### Problem to solve
Copy out exactly the lines below that run from the one holding "by rewrite mul1n muln_gcdl -aE -NE." to the one holding "have qe_neq0 : (#|F|", keeping both of those lines and no others.

Dataset entries:
○ ○ ○ ○ ○
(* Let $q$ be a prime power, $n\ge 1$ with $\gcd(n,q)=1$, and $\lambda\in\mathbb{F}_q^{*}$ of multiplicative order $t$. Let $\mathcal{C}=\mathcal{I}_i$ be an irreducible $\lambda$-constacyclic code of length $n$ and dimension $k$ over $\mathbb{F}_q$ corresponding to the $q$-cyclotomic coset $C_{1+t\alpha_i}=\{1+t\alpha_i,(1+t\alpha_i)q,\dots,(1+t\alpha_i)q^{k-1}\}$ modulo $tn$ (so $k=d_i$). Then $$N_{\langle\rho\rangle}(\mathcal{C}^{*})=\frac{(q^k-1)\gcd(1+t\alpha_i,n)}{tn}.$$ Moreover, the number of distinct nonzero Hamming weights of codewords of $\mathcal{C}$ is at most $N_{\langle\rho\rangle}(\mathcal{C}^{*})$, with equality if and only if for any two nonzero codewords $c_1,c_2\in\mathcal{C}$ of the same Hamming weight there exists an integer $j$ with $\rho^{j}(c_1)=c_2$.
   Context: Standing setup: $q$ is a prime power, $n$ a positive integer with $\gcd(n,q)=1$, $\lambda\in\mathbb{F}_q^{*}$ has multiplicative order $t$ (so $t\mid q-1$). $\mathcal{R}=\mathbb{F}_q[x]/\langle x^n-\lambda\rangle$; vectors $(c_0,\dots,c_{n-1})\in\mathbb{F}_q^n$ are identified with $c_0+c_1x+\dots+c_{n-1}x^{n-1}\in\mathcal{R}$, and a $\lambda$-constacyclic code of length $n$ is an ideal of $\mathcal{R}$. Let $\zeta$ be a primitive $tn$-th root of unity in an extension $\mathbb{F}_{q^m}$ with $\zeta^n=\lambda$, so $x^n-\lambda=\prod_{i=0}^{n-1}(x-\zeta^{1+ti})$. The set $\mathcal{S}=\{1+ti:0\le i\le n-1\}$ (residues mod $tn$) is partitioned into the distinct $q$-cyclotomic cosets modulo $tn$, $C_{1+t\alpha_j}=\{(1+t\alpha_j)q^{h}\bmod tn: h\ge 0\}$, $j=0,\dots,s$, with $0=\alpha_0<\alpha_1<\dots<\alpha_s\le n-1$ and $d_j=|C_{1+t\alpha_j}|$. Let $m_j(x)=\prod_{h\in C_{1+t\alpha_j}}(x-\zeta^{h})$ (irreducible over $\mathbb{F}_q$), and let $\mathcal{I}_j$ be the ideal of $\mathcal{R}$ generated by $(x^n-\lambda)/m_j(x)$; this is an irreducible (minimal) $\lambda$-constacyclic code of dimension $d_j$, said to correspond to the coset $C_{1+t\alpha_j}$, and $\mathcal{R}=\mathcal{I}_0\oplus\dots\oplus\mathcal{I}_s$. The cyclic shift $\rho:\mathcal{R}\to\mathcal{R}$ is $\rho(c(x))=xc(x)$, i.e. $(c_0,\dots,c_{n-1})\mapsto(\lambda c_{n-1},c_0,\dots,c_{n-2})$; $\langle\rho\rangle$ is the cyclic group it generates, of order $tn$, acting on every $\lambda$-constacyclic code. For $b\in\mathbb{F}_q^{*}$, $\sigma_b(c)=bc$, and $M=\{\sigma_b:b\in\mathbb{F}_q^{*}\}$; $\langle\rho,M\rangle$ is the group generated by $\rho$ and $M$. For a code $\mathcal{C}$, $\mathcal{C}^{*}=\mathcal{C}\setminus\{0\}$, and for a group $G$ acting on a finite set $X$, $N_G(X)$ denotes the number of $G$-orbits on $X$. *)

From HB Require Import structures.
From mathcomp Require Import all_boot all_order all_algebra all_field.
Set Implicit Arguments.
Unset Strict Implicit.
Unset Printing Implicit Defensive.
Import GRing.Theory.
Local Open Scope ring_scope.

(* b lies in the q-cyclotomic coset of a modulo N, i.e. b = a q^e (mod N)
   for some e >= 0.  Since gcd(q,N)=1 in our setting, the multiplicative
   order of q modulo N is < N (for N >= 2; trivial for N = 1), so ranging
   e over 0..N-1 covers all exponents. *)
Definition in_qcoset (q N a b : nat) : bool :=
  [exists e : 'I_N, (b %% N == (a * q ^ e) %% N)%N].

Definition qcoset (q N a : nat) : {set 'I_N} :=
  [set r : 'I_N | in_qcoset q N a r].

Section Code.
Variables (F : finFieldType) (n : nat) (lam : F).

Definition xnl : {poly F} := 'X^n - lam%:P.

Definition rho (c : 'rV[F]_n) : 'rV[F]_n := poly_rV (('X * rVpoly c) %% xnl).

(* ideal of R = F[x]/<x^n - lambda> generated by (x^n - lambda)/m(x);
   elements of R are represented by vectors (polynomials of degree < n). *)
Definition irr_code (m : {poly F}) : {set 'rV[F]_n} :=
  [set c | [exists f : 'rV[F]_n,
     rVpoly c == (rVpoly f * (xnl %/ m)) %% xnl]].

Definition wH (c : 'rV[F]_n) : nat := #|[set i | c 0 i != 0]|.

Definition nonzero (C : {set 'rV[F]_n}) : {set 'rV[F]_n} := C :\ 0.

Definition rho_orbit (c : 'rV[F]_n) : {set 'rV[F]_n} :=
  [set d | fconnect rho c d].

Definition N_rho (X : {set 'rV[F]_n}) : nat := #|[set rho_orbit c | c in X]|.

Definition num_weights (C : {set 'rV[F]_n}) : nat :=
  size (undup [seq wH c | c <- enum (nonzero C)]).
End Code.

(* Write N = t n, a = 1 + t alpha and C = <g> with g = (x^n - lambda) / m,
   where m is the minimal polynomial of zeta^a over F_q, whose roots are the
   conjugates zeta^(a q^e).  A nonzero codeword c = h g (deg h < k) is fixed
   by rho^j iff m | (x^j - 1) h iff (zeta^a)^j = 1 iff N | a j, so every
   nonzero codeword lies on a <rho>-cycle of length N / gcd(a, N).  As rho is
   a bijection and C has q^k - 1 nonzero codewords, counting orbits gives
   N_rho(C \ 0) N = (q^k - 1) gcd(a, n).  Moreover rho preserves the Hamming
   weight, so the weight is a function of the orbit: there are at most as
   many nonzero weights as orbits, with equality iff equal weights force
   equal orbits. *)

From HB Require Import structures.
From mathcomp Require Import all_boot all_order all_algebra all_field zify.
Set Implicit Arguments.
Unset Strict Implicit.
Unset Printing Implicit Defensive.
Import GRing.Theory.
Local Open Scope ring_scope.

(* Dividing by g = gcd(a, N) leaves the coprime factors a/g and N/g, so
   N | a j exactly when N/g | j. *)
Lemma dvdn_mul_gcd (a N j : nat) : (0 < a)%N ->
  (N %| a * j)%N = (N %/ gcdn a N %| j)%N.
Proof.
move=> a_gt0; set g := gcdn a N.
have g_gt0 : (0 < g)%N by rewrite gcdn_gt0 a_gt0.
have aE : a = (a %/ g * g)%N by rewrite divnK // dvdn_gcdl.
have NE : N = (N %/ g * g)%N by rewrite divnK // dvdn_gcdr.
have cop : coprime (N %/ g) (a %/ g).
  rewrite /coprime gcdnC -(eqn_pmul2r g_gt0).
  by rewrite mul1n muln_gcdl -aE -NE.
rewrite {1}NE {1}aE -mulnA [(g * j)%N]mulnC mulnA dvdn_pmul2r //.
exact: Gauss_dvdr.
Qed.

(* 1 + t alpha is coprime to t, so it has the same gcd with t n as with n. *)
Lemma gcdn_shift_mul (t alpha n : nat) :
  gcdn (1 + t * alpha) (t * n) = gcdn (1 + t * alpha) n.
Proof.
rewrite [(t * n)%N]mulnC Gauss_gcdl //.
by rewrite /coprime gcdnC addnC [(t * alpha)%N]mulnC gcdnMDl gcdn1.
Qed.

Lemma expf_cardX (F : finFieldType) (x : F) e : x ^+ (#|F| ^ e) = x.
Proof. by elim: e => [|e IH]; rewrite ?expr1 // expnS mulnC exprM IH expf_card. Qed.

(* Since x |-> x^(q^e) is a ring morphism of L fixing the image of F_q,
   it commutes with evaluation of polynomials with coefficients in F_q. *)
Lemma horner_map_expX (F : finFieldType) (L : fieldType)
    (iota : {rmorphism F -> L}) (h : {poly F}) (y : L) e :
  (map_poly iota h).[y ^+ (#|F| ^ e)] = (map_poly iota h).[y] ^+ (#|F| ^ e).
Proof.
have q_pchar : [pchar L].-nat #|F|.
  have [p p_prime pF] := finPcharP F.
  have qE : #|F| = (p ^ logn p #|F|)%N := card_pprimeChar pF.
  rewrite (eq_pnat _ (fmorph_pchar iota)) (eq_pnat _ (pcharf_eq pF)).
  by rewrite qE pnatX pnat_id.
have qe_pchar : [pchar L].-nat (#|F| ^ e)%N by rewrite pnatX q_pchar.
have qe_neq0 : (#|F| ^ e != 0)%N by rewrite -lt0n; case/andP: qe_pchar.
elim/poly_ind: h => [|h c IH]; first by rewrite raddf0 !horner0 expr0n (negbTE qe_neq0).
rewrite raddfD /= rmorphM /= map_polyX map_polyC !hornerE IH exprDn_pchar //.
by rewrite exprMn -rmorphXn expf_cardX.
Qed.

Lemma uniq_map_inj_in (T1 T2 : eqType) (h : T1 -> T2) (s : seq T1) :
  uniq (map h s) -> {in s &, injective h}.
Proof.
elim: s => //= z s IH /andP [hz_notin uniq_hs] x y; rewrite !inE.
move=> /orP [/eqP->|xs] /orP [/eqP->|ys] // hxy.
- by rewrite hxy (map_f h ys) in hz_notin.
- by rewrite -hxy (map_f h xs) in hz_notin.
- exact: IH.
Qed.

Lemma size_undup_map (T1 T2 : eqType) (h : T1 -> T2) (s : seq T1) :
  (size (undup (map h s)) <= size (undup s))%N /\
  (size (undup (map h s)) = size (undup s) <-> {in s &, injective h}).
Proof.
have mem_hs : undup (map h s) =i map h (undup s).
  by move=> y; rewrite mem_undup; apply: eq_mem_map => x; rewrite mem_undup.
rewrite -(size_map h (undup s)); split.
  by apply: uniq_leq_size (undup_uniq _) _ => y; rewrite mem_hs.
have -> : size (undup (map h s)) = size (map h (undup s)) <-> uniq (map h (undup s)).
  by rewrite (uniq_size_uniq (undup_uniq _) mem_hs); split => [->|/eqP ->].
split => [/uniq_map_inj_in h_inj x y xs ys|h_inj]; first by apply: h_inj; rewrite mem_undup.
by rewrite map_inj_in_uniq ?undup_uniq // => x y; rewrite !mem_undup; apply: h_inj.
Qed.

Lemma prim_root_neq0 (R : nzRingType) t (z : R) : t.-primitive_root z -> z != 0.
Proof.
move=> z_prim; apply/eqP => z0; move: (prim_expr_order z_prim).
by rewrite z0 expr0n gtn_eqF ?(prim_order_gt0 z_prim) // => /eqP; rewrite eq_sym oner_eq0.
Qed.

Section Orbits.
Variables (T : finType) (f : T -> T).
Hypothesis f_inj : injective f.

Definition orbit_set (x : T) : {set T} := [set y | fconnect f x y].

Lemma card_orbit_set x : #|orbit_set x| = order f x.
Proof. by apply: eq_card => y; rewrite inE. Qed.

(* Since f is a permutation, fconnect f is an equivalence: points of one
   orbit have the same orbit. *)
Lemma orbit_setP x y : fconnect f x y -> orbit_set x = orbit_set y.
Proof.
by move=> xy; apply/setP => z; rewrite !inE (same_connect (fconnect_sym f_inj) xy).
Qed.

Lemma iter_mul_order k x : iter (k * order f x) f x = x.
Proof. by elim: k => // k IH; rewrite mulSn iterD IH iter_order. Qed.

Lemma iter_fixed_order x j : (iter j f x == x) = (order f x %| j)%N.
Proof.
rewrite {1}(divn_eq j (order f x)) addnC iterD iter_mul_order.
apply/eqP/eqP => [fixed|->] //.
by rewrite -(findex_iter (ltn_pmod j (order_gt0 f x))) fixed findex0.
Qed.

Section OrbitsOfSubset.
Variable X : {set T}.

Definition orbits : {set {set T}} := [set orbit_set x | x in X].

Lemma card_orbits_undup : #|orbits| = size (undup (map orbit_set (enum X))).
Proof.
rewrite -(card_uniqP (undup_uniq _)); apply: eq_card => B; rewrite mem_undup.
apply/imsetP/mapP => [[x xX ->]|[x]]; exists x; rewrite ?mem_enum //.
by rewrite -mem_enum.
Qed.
○ ○ ○ ○ ○
### Task answer
  by rewrite mul1n muln_gcdl -aE -NE.
rewrite {1}NE {1}aE -mulnA [(g * j)%N]mulnC mulnA dvdn_pmul2r //.
exact: Gauss_dvdr.
Qed.

(* 1 + t alpha is coprime to t, so it has the same gcd with t n as with n. *)
Lemma gcdn_shift_mul (t alpha n : nat) :
  gcdn (1 + t * alpha) (t * n) = gcdn (1 + t * alpha) n.
Proof.
rewrite [(t * n)%N]mulnC Gauss_gcdl //.
by rewrite /coprime gcdnC addnC [(t * alpha)%N]mulnC gcdnMDl gcdn1.
Qed.

Lemma expf_cardX (F : finFieldType) (x : F) e : x ^+ (#|F| ^ e) = x.
Proof. by elim: e => [|e IH]; rewrite ?expr1 // expnS mulnC exprM IH expf_card. Qed.

(* Since x |-> x^(q^e) is a ring morphism of L fixing the image of F_q,
   it commutes with evaluation of polynomials with coefficients in F_q. *)
Lemma horner_map_expX (F : finFieldType) (L : fieldType)
    (iota : {rmorphism F -> L}) (h : {poly F}) (y : L) e :
  (map_poly iota h).[y ^+ (#|F| ^ e)] = (map_poly iota h).[y] ^+ (#|F| ^ e).
Proof.
have q_pchar : [pchar L].-nat #|F|.
  have [p p_prime pF] := finPcharP F.
  have qE : #|F| = (p ^ logn p #|F|)%N := card_pprimeChar pF.
  rewrite (eq_pnat _ (fmorph_pchar iota)) (eq_pnat _ (pcharf_eq pF)).
  by rewrite qE pnatX pnat_id.
have qe_pchar : [pchar L].-nat (#|F| ^ e)%N by rewrite pnatX q_pchar.
have qe_neq0 : (#|F| ^ e != 0)%N by rewrite -lt0n; case/andP: qe_pchar.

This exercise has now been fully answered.